F. God’s Sovereignty in Judgment (4:1-11:19) pp. 219-450.
3. Seven Trumpets (8:2-11:19) pp. 339-450.
b. “First Four Trumpets (8:7-12)” pp. 349-357.
Osborne draws the reader’s attention again to the opening of the seventh seal of the scroll, found in Revelation 8:1. There, an angel casts judgment on the earth. Osborne sees the judgment from the trumpets as part of this motion, as they are thrown from God’s throne room to the earthly realm (Osborne 2002, 349). The first four trumpets signal judgments upon the earth itself.
The first judgment consists of “hail and fire mixed with blood” (8:7). This is reminiscent of the seventh plague in Egypt, found in Exodus 9:13-35). Revelation is the only place in the New Testament where hail is mentioned, and here it goes beyond the Old Testament motifs because of the fire and blood (Osborne 2002, 350). Osborne thinks the “blood” may well be related to rain carrying reddish volcanic debris to earth. Yet the description is certainly of a very severe event. Here it is a terrible situation in which there is also fire which brings such widespread destruction we could not even imagine it (Osborne 2002, 351). Not only a thrid of the trees, but all the grass is burned.
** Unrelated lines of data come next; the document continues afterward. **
Lemma psd_conj m n (U : 'M[C]_(m, n)) (X : 'M[C]_n) :
  psd X -> psd (U *m X *m adjmx U).
Proof.
case=> hX pX; split; first by rewrite !adjmxM adjmxK -hX mulmxA.
by move=> v; have := pX (adjmx U *m v); rewrite !adjmxM adjmxK !mulmxA.
Qed.

Lemma psd_diag_ge0 n (X : 'M[C]_n) i : psd X -> 0 <= X i i.
Proof.
by case=> _ /(_ (delta_mx i 0)); rewrite adjmx_delta -rowE -colE !mxE.
Qed.

Lemma psdD n (X Y : 'M[C]_n) : psd X -> psd Y -> psd (X + Y).
Proof.
case=> hX pX [hY pY]; split; first by rewrite adjmxD -hX -hY.
by move=> v; rewrite mulmxDr mulmxDl mxE addr_ge0.
Qed.

Lemma psdZ n (a : R) (X : 'M[C]_n) : 0 <= a -> psd X -> psd (a%:C *: X).
Proof.
move=> a0 [hX pX]; split; first by rewrite adjmxZ conjc_real -hX.
by move=> v; rewrite -scalemxAr -scalemxAl mxE mulr_ge0 ?ler0c.
Qed.

Lemma psd_mul_adj n (w : 'cV[C]_n) : psd (w *m adjmx w).
Proof.
split; first by rewrite adjmxM adjmxK.
move=> v; rewrite mulmxA -mulmxA mxE big_ord1.
have -> : adjmx w *m v = adjmx (adjmx v *m w) by rewrite adjmxM adjmxK.
by rewrite adjmxE mulcJ_ge0.
Qed.

Lemma conjcN_realM (a : R) (z : C) : conjc (- (a%:C * z)) = - (a%:C * conjc z).
Proof. by case: z => x y; simpc. Qed.
Lemma denominator_cong1 N (g a b q0 k : int) (om : algC) :
  b%:~R + theta = a%:~R * om -> g * a * q0 = 1 + N%:Z * k ->
  cong1 d N ((g * a)%:~R * (q0%:~R - (- N%:Z)%:~R * om)).
Proof.
move=> Eom Hk; exists (k%:~R + g%:~R * (b%:~R + theta)); split.
  apply: inOK_add; first exact: inOK_int.
  by apply: inOK_mul; [exact: inOK_int | apply: inOK_add; [exact: inOK_int | exact: inOK_theta hd he]].
rewrite Eom; transitivity ((g * a * q0)%:~R + N%:R * (g%:~R * (a%:~R * om)) :> algC).
  by rewrite rmorphN /= !rmorphM; ring.
by rewrite Hk rmorphD rmorphM /=; ring.
Qed.

End Surjectivity.

Unset Implicit Arguments.

Theorem proposition2p3 (d : int) (N : nat) (P : cset -> Prop)
    (G : 'M[int]_2 -> Prop) :
  imag_quad_disc d -> (0 < N)%N ->
  ideal_subgroup d N P ->
  (forall A, in_PK1n d N A -> P A) ->
  (forall A, P A -> in_PKn d N A) ->
  SL2_subgroup G ->
  (* phi_Gamma is well defined *)
  (forall Q Q', in_QNd d N Q -> in_QNd d N Q' -> equivG G Q Q' ->
     exists B, P B /\ lattice1 (omegaQ d Q') = imul (lattice1 (omegaQ d Q)) B) ->
  (* phi_Gamma is surjective *)
  forall A, in_IKn d N A ->
    exists Q, in_QNd d N Q /\
      exists B, P B /\ lattice1 (omegaQ d Q) = imul A B.
Proof.
move=> hd Np _ PK1_sub _ _ _ A hA.
have dneg : d < 0 by case: hd.
have [e he] := disc_theta_norm hd.
have [x [u [xnz [cx [Imod [Iok [Iu [unz cu]]]]]]]] := integral_multiple Np hA.
have [g [a [b [c [ap [disc0 [Eom [ganz EI]]]]]]]] :=
  integral_ideal_lattice hd he Imod Iok (ex_intro _ u (conj Iu unz)).
set om := omegaQ d (a, - (2 * b + d), c) in Eom EI *.
have [_ [[p0 [q0 ->]] Eu]] : scaled (lattice1 om) (g * a)%:~R u by rewrite -EI.
have cu' : cong1 d N ((g * a)%:~R * (p0%:~R * om + q0%:~R)) by rewrite -Eu.
have [k Hk] := lattice_unit_coordinate hd he Eom cu'.
set gam := mx22 q0 (- k) (- N%:Z) (g * a).
have det1 : q0 * (g * a) - (- k) * (- N%:Z) = 1 by rewrite mulrC Hk; ring.
set D := q0%:~R - (- N%:Z)%:~R * om.
have Dnz : D != 0 by apply: omegaQ_denom_neq0 => //; right; rewrite oppr_eq0; lia.
exists (form_act (a, - (2 * b + d), c) gam); split; first exact: moved_form_in_QNd.
exists (principal d (x / ((g * a)%:~R * D))); split.
  apply/PK1_sub/cong1_quotient_PK1 => //; last by rewrite mulf_neq0.
  by move: (denominator_cong1 hd he Eom Hk).
have [e00 e01 e10 e11] := mx22_entries q0 (- k) (- N%:Z) (g * a).
rewrite omegaQ_form_act // ?mx22_det // e00 e01 e10 e11 lattice1_moebius //.
rewrite imul_principal; last exact: frac_ideal_module hA.1.
rewrite (scaled_transfer _ EI ganz); congr scaled.
by rewrite [RHS]mulrC invfM (mulrC (_^-1)).
Qed.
The second trumpet, in 8:8-9, is a parallel to the first of the Egyptian plagues. A third of marine life is destroyed by something like a burning mountain (Osborne 2002, 352). Again, Osborne finds parallels in various pieces of apocalyptic writing but nothing to this extent. The burning, as in the first trumpet, seems related to the angel with a censer in 8:1 (Osborne 2002, 353).
Revelation 8:10-11 describes another plague on water. Osborne notes that this one is also similar to the first of the plagues on Egypt. Fire is again a central feature, related to the work of the angel with the censer, as a burning and shining star falls, contaminating a third of the fresh water of the earth (Osborne 2002, 354). This results in the death of many, again, from a disaster on a scale we can hardly imagin.
The fourth trumpet, in Revelation 8:12, is a replication of the ninth of the plagues on Egypt. Here there is darkness as God strikes the lights in the sky (Osborne 2002, 355). Again, the plague affects “only one-third of the day and night” (Osborne 2002, 356). It is not a dimming of everything but an actual darkness for a third of the day and a third of the night. Osborne continues to emphasize that this plague is evidence of God’s ability to control all things precisely. This is the end of the trumpet judgments which impact the earth specifically.